-- Task instructions --
Repeat verbatim the lines of the data below, beginning with the line containing "since V <= 1" and continuing to the end.

(Stored items)
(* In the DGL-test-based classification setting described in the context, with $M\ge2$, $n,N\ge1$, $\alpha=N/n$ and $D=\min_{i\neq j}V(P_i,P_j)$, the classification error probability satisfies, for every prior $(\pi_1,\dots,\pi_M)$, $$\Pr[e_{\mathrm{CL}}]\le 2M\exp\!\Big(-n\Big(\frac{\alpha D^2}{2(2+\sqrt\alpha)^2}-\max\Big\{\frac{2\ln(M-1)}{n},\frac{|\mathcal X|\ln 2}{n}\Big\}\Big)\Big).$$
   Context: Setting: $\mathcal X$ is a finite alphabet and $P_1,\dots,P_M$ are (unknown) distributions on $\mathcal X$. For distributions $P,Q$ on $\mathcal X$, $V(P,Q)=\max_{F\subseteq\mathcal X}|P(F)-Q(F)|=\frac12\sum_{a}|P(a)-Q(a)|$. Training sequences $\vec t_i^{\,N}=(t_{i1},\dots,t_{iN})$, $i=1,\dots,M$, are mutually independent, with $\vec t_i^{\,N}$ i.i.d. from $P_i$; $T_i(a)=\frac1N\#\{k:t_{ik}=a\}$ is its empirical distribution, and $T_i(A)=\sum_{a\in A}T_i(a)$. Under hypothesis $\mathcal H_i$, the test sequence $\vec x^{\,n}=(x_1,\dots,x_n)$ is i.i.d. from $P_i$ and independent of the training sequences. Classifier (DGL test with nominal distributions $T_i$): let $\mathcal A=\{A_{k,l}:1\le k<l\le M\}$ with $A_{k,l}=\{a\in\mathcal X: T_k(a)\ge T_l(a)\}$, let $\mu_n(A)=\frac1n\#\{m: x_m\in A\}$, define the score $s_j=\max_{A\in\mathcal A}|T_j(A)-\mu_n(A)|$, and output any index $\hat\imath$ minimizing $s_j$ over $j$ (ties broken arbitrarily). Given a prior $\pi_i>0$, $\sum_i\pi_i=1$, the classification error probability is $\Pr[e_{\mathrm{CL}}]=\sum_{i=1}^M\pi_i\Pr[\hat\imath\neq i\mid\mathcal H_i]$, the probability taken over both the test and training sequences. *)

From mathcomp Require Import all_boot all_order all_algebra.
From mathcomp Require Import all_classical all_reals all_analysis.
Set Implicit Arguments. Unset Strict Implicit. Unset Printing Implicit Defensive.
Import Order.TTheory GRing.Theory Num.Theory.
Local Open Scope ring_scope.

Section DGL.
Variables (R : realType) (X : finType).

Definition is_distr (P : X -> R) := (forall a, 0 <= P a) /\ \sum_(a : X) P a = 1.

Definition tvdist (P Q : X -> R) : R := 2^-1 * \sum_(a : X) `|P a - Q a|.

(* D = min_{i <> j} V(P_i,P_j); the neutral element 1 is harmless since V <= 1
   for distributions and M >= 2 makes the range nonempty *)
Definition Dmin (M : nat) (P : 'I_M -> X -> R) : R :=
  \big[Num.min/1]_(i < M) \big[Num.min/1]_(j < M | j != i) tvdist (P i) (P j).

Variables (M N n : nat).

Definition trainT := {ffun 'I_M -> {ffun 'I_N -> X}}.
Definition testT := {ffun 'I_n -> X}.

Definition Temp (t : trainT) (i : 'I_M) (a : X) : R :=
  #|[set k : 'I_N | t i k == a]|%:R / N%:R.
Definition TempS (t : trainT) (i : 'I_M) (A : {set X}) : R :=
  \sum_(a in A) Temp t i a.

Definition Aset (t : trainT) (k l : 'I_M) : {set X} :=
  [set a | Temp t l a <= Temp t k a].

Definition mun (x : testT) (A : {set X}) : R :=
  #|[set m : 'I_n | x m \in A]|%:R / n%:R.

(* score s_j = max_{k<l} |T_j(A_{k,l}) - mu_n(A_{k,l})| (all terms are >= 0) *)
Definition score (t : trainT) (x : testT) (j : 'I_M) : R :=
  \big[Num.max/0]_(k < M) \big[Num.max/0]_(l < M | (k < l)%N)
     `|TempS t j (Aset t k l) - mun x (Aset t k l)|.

-- Completed exercise --
(* D = min_{i <> j} V(P_i,P_j); the neutral element 1 is harmless since V <= 1
   for distributions and M >= 2 makes the range nonempty *)
Definition Dmin (M : nat) (P : 'I_M -> X -> R) : R :=
  \big[Num.min/1]_(i < M) \big[Num.min/1]_(j < M | j != i) tvdist (P i) (P j).

Variables (M N n : nat).

Definition trainT := {ffun 'I_M -> {ffun 'I_N -> X}}.
Definition testT := {ffun 'I_n -> X}.

Definition Temp (t : trainT) (i : 'I_M) (a : X) : R :=
  #|[set k : 'I_N | t i k == a]|%:R / N%:R.
Definition TempS (t : trainT) (i : 'I_M) (A : {set X}) : R :=
  \sum_(a in A) Temp t i a.

Definition Aset (t : trainT) (k l : 'I_M) : {set X} :=
  [set a | Temp t l a <= Temp t k a].

Definition mun (x : testT) (A : {set X}) : R :=
  #|[set m : 'I_n | x m \in A]|%:R / n%:R.

(* score s_j = max_{k<l} |T_j(A_{k,l}) - mu_n(A_{k,l})| (all terms are >= 0) *)
Definition score (t : trainT) (x : testT) (j : 'I_M) : R :=
  \big[Num.max/0]_(k < M) \big[Num.max/0]_(l < M | (k < l)%N)
     `|TempS t j (Aset t k l) - mun x (Aset t k l)|.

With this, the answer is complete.